= Academic major =

Focus of academic study

An academic major is the academic discipline to which an undergraduate student formally commits. A student who successfully completes all courses required for the major qualifies for an undergraduate degree. The word major (also called concentration, particularly at private colleges) is also sometimes used administratively to refer to the academic discipline pursued by a graduate student or postgraduate student in a master's or doctoral program.

In the United Kingdom, Australia, and many other Commonwealth nations, the term "course" or "subject" is used instead of "major." In these systems, as well as in many European countries under the Bologna Process, degrees are typically more specialized from the start, and students focus on their primary field of study for the entire duration of their degree.

An academic major typically involves completion of a combination of required and elective courses in the chosen discipline. The latitude a student has in choosing courses varies from program to program. An academic major is administered by select faculty in an academic department. A major administered by more than one academic department is called an interdisciplinary major. In some settings, students may be permitted to design their own major, subject to faculty approval.
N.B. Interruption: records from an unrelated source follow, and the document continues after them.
Lemma sp_matrix_dist (f g : 'I_n -> R) (A : R) v w :
  simplicial_complex K -> connected (@realization R n K) ->
  (forall i, `|f i - g i| <= A) ->
  `|sp_matrix K f v w - sp_matrix K g v w|
    <= 2 * A + `|f v - g v| + `|f w - g w|.
Proof.
move=> sK cX fgA; have := lca_matrix_dist v w sK cX fgA.
rewrite /sp_matrix; set a := lca_matrix K f v w; set b := lca_matrix K g v w.
move=> ab_le.
have -> : 2 * a - f v - f w - (2 * b - g v - g w)
          = 2 * (a - b) - (f v - g v) - (f w - g w) by ring.
do 2 (apply: le_trans (ler_normB _ _) _; rewrite lerD2r).
by rewrite normrM ger0_norm // ler_wpM2l.
Qed.

End linear_extension.

Lemma powRK (R : realType) (x r : R) : r != 0 -> 0 <= x -> (x `^ r) `^ r^-1 = x.
Proof. by move=> r0 x0; rewrite -powRrM mulfV // powRr1. Qed.

Lemma powR_convex (R : realType) (q t x y : R) :
  1 <= q -> 0 <= t <= 1 -> 0 <= x -> 0 <= y ->
  (t * x + (1 - t) * y) `^ q <= t * x `^ q + (1 - t) * y `^ q.
Proof.
move=> q1 /andP[t0 t1] x0 y0.
have := @convex_powR R q q1 (Itv01 t0 t1) x y.
by rewrite !inE /= !in_itv /= !andbT !convRE => /(_ x0 y0).
Qed.

Section Lq_norm.
Variables (R : realType) (n : nat) (p : 'I_n -> R) (q : R).
Hypotheses (p_ge0 : forall i, 0 <= p i) (q_ge1 : 1 <= q).

Let q_gt0 : 0 < q. Proof. by rewrite (lt_le_trans ltr01). Qed.
Let q_ge0 : 0 <= q. Proof. exact: ltW. Qed.
Let qV_ge0 : 0 <= q^-1. Proof. by rewrite invr_ge0. Qed.

Let sum_ge0 (h : 'I_n -> R) : 0 <= \sum_v `|h v| `^ q * p v.
Proof. by apply: sumr_ge0 => v _; rewrite mulr_ge0 ?powR_ge0. Qed.

Lemma Lq_norm_ge0 h : 0 <= Lq_norm p q h.
Proof. exact: powR_ge0. Qed.

Lemma Lq_norm_powR h : Lq_norm p q h `^ q = \sum_v `|h v| `^ q * p v.
Proof. by rewrite -powRrM mulVf ?gt_eqF // powRr1. Qed.

Lemma Lq_norm_le1 h : (Lq_norm p q h <= 1) = (\sum_v `|h v| `^ q * p v <= 1).
Proof.
have one_powR r : 1 `^ r = 1 :> R by rewrite powR1.
apply/idP/idP => [N1|S1].
- rewrite -Lq_norm_powR -(one_powR q).
  by apply: ge0_ler_powR; rewrite ?nnegrE ?Lq_norm_ge0.
- rewrite /Lq_norm -(one_powR q^-1).
  by apply: ge0_ler_powR; rewrite ?nnegrE ?sum_ge0.
Qed.

Lemma Lq_norm_le h1 h2 : (forall i, 0 < p i -> `|h1 i| <= `|h2 i|) ->
  Lq_norm p q h1 <= Lq_norm p q h2.
Proof.
move=> h12; apply: ge0_ler_powR; rewrite ?nnegrE ?sum_ge0 //.
apply: ler_sum => i _; have [pi0|pi_gt0] := eqVneq (p i) 0.
  by rewrite pi0 !mulr0.
rewrite ler_wpM2r //; apply: ge0_ler_powR; rewrite ?nnegrE //.
by apply: h12; rewrite lt_def pi_gt0 p_ge0.
Qed.

Lemma Lq_norm_eq0 h : Lq_norm p q h = 0 -> forall i, 0 < p i -> h i = 0.
Proof.
move=> N0 i pi; have S0 : \sum_v `|h v| `^ q * p v = 0.
  by rewrite -Lq_norm_powR N0 powR0 ?gt_eqF.
have term_ge0 v : 0 <= `|h v| `^ q * p v by rewrite mulr_ge0 ?powR_ge0.
have /eqP := psumr_eq0P (fun v _ => term_ge0 v) S0 (i := i) isT.
rewrite mulf_eq0 (gt_eqF pi) orbF powR_eq0 normr_eq0 (gt_eqF q_gt0).
by rewrite andbT => /eqP.
Qed.

Lemma Lq_norm_abs h : Lq_norm p q (fun i => `|h i|) = Lq_norm p q h.
Proof. by rewrite /Lq_norm; under eq_bigr do rewrite normr_id. Qed.

Lemma Lq_normZ c h : Lq_norm p q (fun i => c * h i) = `|c| * Lq_norm p q h.
Proof.
rewrite /Lq_norm; under eq_bigr do rewrite normrM powRM // -mulrA.
by rewrite -mulr_sumr powRM ?sum_ge0 // powRK ?gt_eqF.
Qed.

Lemma Lq_norm_convex_le1 t F G : 0 <= t <= 1 ->
  Lq_norm p q F <= 1 -> Lq_norm p q G <= 1 ->
  Lq_norm p q (fun i => t * F i + (1 - t) * G i) <= 1.
Proof.
move=> t01 F1 G1; have /andP[t0 t1] := t01.
rewrite Lq_norm_le1; rewrite Lq_norm_le1 in F1; rewrite Lq_norm_le1 in G1.
have t'0 : 0 <= 1 - t by rewrite subr_ge0.
apply: le_trans (_ : \sum_v (t * `|F v| `^ q + (1 - t) * `|G v| `^ q) * p v
                     <= _).
  apply: ler_sum => v _; rewrite ler_wpM2r //.
  apply: le_trans _ (powR_convex q_ge1 t01 (normr_ge0 (F v)) (normr_ge0 (G v))).
  apply: ge0_ler_powR => //; rewrite ?nnegrE ?addr_ge0 ?mulr_ge0 //.
  apply: le_trans (ler_normD _ _) _.
  by rewrite !normrM (ger0_norm t0) (ger0_norm t'0).
under eq_bigr do rewrite mulrDl -!mulrA.
rewrite big_split /= -!mulr_sumr.
apply: le_trans (lerD (ler_wpM2l t0 F1) (ler_wpM2l t'0 G1)) _.
by rewrite !mulr1 subrKC.
Qed.

(* The usual proof: [F + G] is [a + b] times a convex combination of the
   unit vectors [F / a] and [G / b]. *)
Lemma minkowski_Lq_norm F G :
  Lq_norm p q (fun i => F i + G i) <= Lq_norm p q F + Lq_norm p q G.
Proof.
move Fa : (Lq_norm p q F) => a; move Gb : (Lq_norm p q G) => b.
have [a0|a_neq0] := eqVneq a 0.
  rewrite a0 add0r -Gb; apply: Lq_norm_le => i pi.
  by rewrite a0 in Fa; rewrite (Lq_norm_eq0 Fa pi) add0r.
have [b0|b_neq0] := eqVneq b 0.
  rewrite b0 addr0 -Fa; apply: Lq_norm_le => i pi.
  by rewrite b0 in Gb; rewrite (Lq_norm_eq0 Gb pi) addr0.
have a_gt0 : 0 < a by rewrite lt_def a_neq0 -Fa Lq_norm_ge0.
have b_gt0 : 0 < b by rewrite lt_def b_neq0 -Gb Lq_norm_ge0.
have ab_gt0 : 0 < a + b := addr_gt0 a_gt0 b_gt0.
set t := a / (a + b).
have t01 : 0 <= t <= 1.
  rewrite divr_ge0 ?(ltW a_gt0) ?(ltW ab_gt0) //=.
  by rewrite ler_pdivrMr // mul1r lerDl (ltW b_gt0).
have unit_ball (h : 'I_n -> R) c : 0 < c -> Lq_norm p q h = c ->
    Lq_norm p q (fun i => c^-1 * `|h i|) <= 1.
  move=> c_gt0 hc; rewrite (Lq_normZ c^-1 (fun i => `|h i|)) Lq_norm_abs hc.
  by rewrite gtr0_norm ?invr_gt0 // mulVf ?gt_eqF.
have split i : `|F i| + `|G i|
    = (a + b) * (t * (a^-1 * `|F i|) + (1 - t) * (b^-1 * `|G i|)).
  by rewrite /t; field; rewrite (gt_eqF a_gt0) (gt_eqF b_gt0) (gt_eqF ab_gt0).
apply: le_trans (_ : Lq_norm p q (fun i => (a + b) *
    (t * (a^-1 * `|F i|) + (1 - t) * (b^-1 * `|G i|))) <= _).
  apply: Lq_norm_le => i _; rewrite -split [leRHS]ger0_norm ?addr_ge0 //.
  exact: ler_normD.
rewrite Lq_normZ gtr0_norm // -[leRHS]mulr1 ler_wpM2l ?(ltW ab_gt0) //.
by apply: Lq_norm_convex_le1 => //; apply: unit_ball.
Qed.

Hypothesis p_sum1 : \sum_i p i = 1.

Lemma Lq_norm_cst c : Lq_norm p q (fun=> c) = `|c|.
Proof.
by rewrite /Lq_norm -mulr_sumr p_sum1 mulr1 powRK ?gt_eqF.
Qed.

(* Minkowski's inequality in [k] for each fixed [i], then in [i]. *)
Lemma Lq_norm_pairs_le (W : 'I_n -> 'I_n -> R) (u : 'I_n -> R) :
  (forall i, 0 <= u i) -> (forall i k, `|W i k| <= u i + u k) ->
  (\sum_i \sum_k `|W i k| `^ q * p i * p k) `^ q^-1 <= 2 * Lq_norm p q u.
Proof.
move=> u_ge0 Wu; set N := Lq_norm p q u.
have N_ge0 : 0 <= N := Lq_norm_ge0 u.
have shift_le c : 0 <= c -> \sum_k (c + u k) `^ q * p k <= (c + N) `^ q.
  move=> c_ge0.
  have -> : \sum_k (c + u k) `^ q * p k = Lq_norm p q (fun k => c + u k) `^ q.
    by rewrite Lq_norm_powR; apply: eq_bigr => k _; rewrite ger0_norm ?addr_ge0.
  apply: ge0_ler_powR; rewrite ?nnegrE ?Lq_norm_ge0 ?addr_ge0 //.
  by apply: le_trans (minkowski_Lq_norm _ _) _; rewrite Lq_norm_cst ger0_norm.
have sum_le : \sum_i \sum_k `|W i k| `^ q * p i * p k <= (2 * N) `^ q.
  apply: le_trans (_ : \sum_i \sum_k (u i + u k) `^ q * p i * p k <= _).
    apply: ler_sum => i _; apply: ler_sum => k _; rewrite !ler_wpM2r //.
    by apply: ge0_ler_powR; rewrite ?nnegrE ?addr_ge0.
  apply: le_trans (_ : \sum_i (N + u i) `^ q * p i <= _); last first.
    by rewrite mulr_natl mulr2n; apply: shift_le.
  apply: ler_sum => i _; under eq_bigr do rewrite mulrAC.
  by rewrite -mulr_suml addrC ler_wpM2r // shift_le.
rewrite -[leRHS](@powRK _ _ q) ?mulr_ge0 ?gt_eqF //.
apply: ge0_ler_powR; rewrite ?nnegrE ?powR_ge0 //.
by do 2 (apply: sumr_ge0 => ? _); rewrite !mulr_ge0 ?powR_ge0.
Qed.

End Lq_norm.

Section balanced.
Variables (R : realType) (n : nat) (p : 'I_n -> R).
Hypotheses (p_prob : prob_dist p) (p_bal : balanced p).

Lemma balanced_ge v : 1 <= n%:R ^+ 2 * p v.
Proof.
have [p_ge0 p_sum1] := p_prob.
have [u _ p_le_pu] := @arg_maxP _ _ _ v xpredT p isT.
have npu_ge1 : 1 <= n%:R * p u.
  rewrite -{1}p_sum1; apply: le_trans (_ : \sum_(i : 'I_n) p u <= _).
    by apply: ler_sum => i _; exact: p_le_pu.
  by rewrite sumr_const card_ord mulr_natl.
apply: le_trans (_ : (n%:R * p u) ^+ 2 <= _); first by rewrite expr2; nra.
by rewrite exprMn ler_wpM2l ?exprn_ge0 ?ler0n // expr2; exact: p_bal.
Qed.

Lemma norm_le_Lq_norm (q : R) (h : 'I_n -> R) v : 1 <= q ->
  `|h v| <= n%:R `^ (2 / q) * Lq_norm p q h.
Proof.
move=> q_ge1; have q_gt0 : 0 < q by rewrite (lt_le_trans ltr01).
have [p_ge0 _] := p_prob.
set S := \sum_w `|h w| `^ q * p w.
have S_ge0 : 0 <= S by apply: sumr_ge0 => w _; rewrite mulr_ge0 ?powR_ge0.
have hv_le : `|h v| `^ q <= n%:R ^+ 2 * S.
  apply: le_trans (_ : `|h v| `^ q * (n%:R ^+ 2 * p v) <= _).
    by rewrite -{1}[_ `^ q]mulr1 ler_wpM2l ?powR_ge0 ?balanced_ge.
  rewrite mulrCA ler_wpM2l ?exprn_ge0 ?ler0n //.
  by rewrite /S (bigD1 v) //= lerDl sumr_ge0 // => w _; rewrite mulr_ge0 ?powR_ge0.
rewrite -(@powRK _ `|h v| q) ?gt_eqF //.
apply: le_trans (_ : (n%:R ^+ 2 * S) `^ q^-1 <= _).
  apply: ge0_ler_powR; rewrite ?nnegrE ?invr_ge0 ?powR_ge0 ?(ltW q_gt0) //.
  by rewrite mulr_ge0 ?exprn_ge0 ?ler0n.
rewrite powRM ?exprn_ge0 ?ler0n // -powR_mulrn ?ler0n // -powRrM.
by rewrite mulrC.
Qed.

End balanced.

Lemma coupling_diag_mx (R : realType) n (p : 'I_n -> R) :
  (forall i, 0 <= p i) -> coupling p p (diag_mx (\row_i p i)).
Proof.
move=> p_ge0; split.
- by move=> i j; rewrite !mxE mulrn_wge0.
- move=> i; rewrite (bigD1 i) //= big1 ?addr0 ?mxE ?eqxx // => j ji.
  by rewrite !mxE eq_sym (negbTE ji).
- move=> j; rewrite (bigD1 j) //= big1 ?addr0 ?mxE ?eqxx // => i ij.
  by rewrite !mxE (negbTE ij).
Qed.

Lemma sum_diag_mx4 (R : realType) n (p : 'I_n -> R)
    (X : 'I_n -> 'I_n -> 'I_n -> 'I_n -> R) :
  \sum_i \sum_j \sum_k \sum_l
      X i j k l * diag_mx (\row_i p i) i j * diag_mx (\row_i p i) k l
    = \sum_i \sum_k X i i k k * p i * p k.
Proof.
set C := diag_mx _; have C_off i j : i != j -> C i j = 0.
  by move=> ij; rewrite !mxE (negbTE ij).
have C_diag i : C i i = p i by rewrite !mxE eqxx.
apply: eq_bigr => i _; rewrite (bigD1 i) //= [X in _ + X]big1 ?addr0; last first.
  move=> j ji; apply: big1 => k _; apply: big1 => l _.
  by rewrite (C_off i j) 1?eq_sym // mulr0 mul0r.
apply: eq_bigr => k _; rewrite (bigD1 k) //= [X in _ + X]big1 ?addr0.
  by rewrite !C_diag.
by move=> l lk; rewrite (C_off k l) 1?eq_sym // mulr0.
Qed.

Lemma dGW_le_diag (R : realType) n (q : R) (p : 'I_n -> R)
    (W1 W2 : 'I_n -> 'I_n -> R) : (forall i, 0 <= p i) ->
  dGW q p W1 p W2
    <= 2^-1 * (\sum_i \sum_k `|W1 i k - W2 i k| `^ q * p i * p k) `^ q^-1.
Proof.
move=> p_ge0; rewrite ler_wpM2l ?invr_ge0 //.
apply: ge_inf; first by exists 0 => c [C _ ->]; rewrite powR_ge0.
exists (diag_mx (\row_i p i)); first exact: coupling_diag_mx.
by rewrite (sum_diag_mx4 p (fun i j k l => `|W1 i k - W2 j l| `^ q)).
Qed.

Theorem corollary1 (R : realType) (n : nat) (K : set {set 'I_n})
  (q : R) (f g p : 'I_n -> R) :
  simplicial_complex K ->
  connected (@realization R n K) ->
  1 <= q ->
  prob_dist p ->
  balanced p ->
  dGW q p (sp_matrix K f) p (sp_matrix K g)
    <= (n%:R `^ (2 / q) + 2) * Lq_norm p q (fun v => f v - g v).
Proof.
move=> sK cX q_ge1 p_prob p_bal; have [p_ge0 p_sum1] := p_prob.
set h := fun v => f v - g v; set N := Lq_norm p q h.
set A := n%:R `^ (2 / q) * N.
have N_ge0 : 0 <= N := Lq_norm_ge0 p q h.
have A_ge0 : 0 <= A by rewrite mulr_ge0 ?powR_ge0.
have h_le_A i : `|h i| <= A := norm_le_Lq_norm p_prob p_bal h i q_ge1.
pose u i := A + `|h i|.
have u_ge0 i : 0 <= u i by rewrite addr_ge0.
have D_le i k : `|sp_matrix K f i k - sp_matrix K g i k| <= u i + u k.
  apply: le_trans (sp_matrix_dist i k sK cX h_le_A) _.
  by rewrite /u addrACA mulr_natl mulr2n addrA.
have u_le : Lq_norm p q u <= A + N.
  rewrite /u; apply: le_trans (minkowski_Lq_norm p_ge0 q_ge1 (fun=> A) _) _.
  by rewrite (Lq_norm_cst q_ge1 p_sum1) Lq_norm_abs (ger0_norm A_ge0).
have half_ge0 : 0 <= 2^-1 :> R by rewrite invr_ge0.
apply: le_trans (dGW_le_diag q _ _ p_ge0) _.
have := Lq_norm_pairs_le p_ge0 q_ge1 p_sum1 u_ge0 D_le.
move=> /(ler_wpM2l half_ge0) /le_trans; apply.
have two_neq0 : (2 : R) != 0 by rewrite pnatr_eq0.
rewrite mulrA (mulVf two_neq0) mul1r; apply: le_trans u_le _.
rewrite /A; set c := n%:R `^ _; nra.
Qed.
In the United States, students are usually not required to choose their major discipline when first enrolling as an undergraduate. In addition, most colleges and universities require that all students take a general core curriculum in the liberal arts. Normally students are required to commit by the end of their second academic year at latest, and some schools even disallow students from declaring a major until this time. A student who declares two academic majors is said to have a double major. A coordinate major is an ancillary major designed to complement the primary one. A coordinate major requires fewer course credits to complete. Many colleges also allow students to declare a minor field, a secondary discipline in which they also take a substantial number of classes, but not so many as would be necessary to complete a major.

==History==
The roots of the academic major as we now know it first surfaced in the 19th century as "alternative components of the undergraduate degree". Before that, all students receiving an undergraduate degree would be required to study the same slate of courses geared at a comprehensive "liberal education".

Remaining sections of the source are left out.